MATERIAL FOR THE TASK below:

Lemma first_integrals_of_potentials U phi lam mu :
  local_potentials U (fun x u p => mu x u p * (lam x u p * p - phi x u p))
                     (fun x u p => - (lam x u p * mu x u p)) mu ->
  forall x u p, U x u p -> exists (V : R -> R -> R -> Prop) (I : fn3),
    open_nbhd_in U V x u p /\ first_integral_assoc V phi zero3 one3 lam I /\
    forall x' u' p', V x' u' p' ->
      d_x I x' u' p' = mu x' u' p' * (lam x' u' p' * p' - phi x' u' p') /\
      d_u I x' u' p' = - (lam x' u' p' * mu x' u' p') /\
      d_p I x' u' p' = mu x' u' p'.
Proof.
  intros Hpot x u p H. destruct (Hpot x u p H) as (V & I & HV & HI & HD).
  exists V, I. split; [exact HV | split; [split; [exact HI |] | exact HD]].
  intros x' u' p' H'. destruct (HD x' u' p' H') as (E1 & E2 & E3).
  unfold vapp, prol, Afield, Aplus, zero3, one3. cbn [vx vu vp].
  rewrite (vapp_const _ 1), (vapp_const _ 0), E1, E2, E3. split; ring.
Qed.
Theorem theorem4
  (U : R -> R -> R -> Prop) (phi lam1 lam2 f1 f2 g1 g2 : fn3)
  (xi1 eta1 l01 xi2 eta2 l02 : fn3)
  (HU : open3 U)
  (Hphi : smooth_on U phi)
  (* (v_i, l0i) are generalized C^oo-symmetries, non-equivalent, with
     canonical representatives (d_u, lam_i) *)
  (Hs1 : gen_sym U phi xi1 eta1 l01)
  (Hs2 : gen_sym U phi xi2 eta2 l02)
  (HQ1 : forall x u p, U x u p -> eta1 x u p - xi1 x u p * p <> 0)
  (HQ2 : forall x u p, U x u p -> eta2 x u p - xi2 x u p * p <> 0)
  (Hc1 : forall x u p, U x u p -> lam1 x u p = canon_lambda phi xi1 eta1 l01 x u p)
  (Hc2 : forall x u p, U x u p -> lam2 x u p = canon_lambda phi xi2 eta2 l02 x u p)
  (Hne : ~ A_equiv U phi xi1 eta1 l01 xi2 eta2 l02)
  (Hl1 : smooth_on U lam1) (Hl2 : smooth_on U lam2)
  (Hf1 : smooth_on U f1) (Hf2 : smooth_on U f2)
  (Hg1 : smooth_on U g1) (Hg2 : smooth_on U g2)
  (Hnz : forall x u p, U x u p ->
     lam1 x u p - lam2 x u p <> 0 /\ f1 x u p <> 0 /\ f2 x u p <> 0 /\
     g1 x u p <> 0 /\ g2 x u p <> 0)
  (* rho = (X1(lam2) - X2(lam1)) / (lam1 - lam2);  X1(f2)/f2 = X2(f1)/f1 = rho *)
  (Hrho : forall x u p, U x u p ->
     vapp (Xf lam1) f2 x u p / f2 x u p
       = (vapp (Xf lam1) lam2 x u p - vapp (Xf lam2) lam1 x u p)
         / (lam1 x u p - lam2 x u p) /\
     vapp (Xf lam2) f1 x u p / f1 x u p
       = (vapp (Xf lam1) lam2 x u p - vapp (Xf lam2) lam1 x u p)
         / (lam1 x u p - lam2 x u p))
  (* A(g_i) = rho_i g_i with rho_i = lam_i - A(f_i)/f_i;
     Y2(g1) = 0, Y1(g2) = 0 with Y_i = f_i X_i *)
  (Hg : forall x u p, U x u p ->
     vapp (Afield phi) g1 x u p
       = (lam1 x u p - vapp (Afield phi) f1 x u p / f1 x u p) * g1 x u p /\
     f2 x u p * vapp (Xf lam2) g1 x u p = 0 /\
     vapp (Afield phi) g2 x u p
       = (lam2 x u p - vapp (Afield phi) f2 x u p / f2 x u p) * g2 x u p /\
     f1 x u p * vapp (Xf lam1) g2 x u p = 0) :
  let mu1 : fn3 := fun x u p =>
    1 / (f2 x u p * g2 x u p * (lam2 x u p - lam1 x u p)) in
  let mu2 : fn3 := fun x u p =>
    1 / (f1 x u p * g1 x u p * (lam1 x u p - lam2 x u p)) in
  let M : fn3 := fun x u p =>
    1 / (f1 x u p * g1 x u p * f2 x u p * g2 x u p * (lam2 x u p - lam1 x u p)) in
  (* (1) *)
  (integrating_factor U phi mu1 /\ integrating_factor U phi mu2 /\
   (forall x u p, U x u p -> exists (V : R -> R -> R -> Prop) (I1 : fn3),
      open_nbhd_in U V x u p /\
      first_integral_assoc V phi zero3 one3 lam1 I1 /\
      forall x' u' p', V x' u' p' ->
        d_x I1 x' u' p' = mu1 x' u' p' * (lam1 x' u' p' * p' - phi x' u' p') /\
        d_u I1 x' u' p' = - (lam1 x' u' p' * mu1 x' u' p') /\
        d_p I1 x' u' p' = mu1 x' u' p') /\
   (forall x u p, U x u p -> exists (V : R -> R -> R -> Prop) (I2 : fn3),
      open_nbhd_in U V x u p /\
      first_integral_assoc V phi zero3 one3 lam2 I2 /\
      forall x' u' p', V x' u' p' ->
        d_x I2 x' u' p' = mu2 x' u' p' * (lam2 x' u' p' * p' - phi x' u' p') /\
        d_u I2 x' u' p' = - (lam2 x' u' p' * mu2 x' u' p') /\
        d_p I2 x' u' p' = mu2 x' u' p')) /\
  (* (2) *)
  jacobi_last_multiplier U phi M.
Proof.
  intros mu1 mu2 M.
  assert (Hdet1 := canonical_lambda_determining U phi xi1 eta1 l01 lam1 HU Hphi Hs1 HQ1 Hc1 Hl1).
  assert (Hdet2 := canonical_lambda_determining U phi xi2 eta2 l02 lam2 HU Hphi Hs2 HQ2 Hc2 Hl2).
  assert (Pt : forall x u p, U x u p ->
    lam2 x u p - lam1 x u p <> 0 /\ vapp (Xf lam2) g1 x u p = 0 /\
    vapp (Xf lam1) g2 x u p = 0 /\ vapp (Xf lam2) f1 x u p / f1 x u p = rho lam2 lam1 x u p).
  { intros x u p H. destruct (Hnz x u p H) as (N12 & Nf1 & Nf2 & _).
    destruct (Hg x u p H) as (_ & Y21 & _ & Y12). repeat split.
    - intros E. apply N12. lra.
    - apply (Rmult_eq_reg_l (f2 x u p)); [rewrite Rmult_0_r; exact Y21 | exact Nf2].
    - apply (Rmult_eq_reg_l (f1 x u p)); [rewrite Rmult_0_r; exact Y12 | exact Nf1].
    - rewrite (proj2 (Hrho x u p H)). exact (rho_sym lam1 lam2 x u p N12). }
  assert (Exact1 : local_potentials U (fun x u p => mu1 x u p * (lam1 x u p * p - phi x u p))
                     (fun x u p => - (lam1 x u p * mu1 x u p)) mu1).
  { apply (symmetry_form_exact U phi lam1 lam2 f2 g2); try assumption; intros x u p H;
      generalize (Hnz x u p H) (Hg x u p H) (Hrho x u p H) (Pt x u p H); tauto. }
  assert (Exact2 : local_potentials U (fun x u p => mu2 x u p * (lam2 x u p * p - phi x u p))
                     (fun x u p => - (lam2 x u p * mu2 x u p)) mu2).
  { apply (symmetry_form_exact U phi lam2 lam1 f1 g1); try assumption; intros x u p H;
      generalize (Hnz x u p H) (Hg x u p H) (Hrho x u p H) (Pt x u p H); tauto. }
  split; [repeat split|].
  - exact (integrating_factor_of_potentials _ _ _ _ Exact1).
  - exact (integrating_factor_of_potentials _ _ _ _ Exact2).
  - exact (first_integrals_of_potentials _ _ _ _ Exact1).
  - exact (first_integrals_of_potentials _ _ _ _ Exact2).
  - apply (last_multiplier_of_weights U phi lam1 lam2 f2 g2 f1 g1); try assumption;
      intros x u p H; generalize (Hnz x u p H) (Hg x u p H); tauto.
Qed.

End of MATERIAL FOR THE TASK.
MATERIAL FOR THE TASK below:

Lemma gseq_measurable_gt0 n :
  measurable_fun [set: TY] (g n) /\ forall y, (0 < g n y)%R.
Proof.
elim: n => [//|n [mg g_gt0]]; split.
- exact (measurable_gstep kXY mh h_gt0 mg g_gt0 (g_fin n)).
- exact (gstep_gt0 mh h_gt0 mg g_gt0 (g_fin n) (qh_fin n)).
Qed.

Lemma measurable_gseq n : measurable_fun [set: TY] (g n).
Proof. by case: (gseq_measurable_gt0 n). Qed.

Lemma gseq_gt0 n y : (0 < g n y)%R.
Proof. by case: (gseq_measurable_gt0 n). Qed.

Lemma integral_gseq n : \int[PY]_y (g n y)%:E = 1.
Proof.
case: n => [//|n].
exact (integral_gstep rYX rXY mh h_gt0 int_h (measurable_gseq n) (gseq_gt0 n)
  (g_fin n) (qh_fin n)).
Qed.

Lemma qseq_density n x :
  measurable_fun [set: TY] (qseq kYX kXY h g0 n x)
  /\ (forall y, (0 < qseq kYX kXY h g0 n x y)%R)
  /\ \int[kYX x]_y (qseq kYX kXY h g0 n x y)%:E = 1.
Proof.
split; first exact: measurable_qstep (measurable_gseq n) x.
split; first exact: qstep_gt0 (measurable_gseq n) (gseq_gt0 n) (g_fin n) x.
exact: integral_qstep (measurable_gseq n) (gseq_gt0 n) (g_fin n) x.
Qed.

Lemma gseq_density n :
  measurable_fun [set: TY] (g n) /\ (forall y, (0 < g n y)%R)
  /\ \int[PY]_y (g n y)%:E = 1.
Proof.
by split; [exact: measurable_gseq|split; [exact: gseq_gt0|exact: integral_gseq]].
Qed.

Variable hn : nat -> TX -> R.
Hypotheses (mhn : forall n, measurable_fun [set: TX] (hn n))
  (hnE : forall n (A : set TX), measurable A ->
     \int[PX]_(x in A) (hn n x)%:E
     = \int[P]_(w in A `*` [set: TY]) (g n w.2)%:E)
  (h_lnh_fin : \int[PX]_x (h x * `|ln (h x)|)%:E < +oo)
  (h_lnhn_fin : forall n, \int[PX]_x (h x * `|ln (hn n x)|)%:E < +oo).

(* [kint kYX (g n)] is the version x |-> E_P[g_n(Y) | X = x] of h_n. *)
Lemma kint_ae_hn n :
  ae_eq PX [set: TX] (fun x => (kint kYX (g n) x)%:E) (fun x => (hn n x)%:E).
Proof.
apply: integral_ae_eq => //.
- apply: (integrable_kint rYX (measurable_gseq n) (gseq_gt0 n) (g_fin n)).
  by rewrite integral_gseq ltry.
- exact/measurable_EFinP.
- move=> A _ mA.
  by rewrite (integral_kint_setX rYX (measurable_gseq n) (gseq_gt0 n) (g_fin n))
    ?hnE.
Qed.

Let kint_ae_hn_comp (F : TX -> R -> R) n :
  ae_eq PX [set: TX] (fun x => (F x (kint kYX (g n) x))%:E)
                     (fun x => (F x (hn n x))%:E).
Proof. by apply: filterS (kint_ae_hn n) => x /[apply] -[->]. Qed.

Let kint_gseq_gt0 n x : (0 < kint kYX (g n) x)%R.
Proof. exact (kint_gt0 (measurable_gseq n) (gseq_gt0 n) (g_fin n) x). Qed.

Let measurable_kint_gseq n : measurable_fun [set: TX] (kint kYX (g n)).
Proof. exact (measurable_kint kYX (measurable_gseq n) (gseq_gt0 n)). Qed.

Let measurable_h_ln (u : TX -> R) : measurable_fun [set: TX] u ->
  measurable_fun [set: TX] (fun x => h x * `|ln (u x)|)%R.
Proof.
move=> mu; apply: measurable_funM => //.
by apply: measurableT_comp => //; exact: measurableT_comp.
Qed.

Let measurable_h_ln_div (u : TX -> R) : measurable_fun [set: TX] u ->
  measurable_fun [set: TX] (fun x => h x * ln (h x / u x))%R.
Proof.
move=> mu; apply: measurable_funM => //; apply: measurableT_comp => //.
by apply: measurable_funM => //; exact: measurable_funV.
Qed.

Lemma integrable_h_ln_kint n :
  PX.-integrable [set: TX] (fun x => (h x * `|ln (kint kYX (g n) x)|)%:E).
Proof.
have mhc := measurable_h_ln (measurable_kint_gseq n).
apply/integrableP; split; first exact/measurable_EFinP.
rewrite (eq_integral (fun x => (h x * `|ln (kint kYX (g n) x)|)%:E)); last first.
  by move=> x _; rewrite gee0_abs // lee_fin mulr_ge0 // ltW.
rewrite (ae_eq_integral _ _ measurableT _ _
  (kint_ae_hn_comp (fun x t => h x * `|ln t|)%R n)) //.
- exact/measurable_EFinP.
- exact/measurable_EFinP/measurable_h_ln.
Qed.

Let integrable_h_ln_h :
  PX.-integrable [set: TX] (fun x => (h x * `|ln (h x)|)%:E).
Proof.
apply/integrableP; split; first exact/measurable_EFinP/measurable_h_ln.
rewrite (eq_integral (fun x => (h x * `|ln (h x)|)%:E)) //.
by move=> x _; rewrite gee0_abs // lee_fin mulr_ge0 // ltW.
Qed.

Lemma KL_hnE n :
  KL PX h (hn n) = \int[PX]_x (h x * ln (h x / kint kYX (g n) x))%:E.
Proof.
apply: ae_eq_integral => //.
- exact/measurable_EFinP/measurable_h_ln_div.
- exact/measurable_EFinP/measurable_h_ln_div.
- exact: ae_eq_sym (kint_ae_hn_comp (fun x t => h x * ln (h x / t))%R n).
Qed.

End of MATERIAL FOR THE TASK.

> **ACTIVITY**: Search the records above for the string "integrableP" and copy each line that holds it.

> **EXERCISE RESULT**:
apply/integrableP; split; first exact/measurable_EFinP.
apply/integrableP; split; first exact/measurable_EFinP/measurable_h_ln.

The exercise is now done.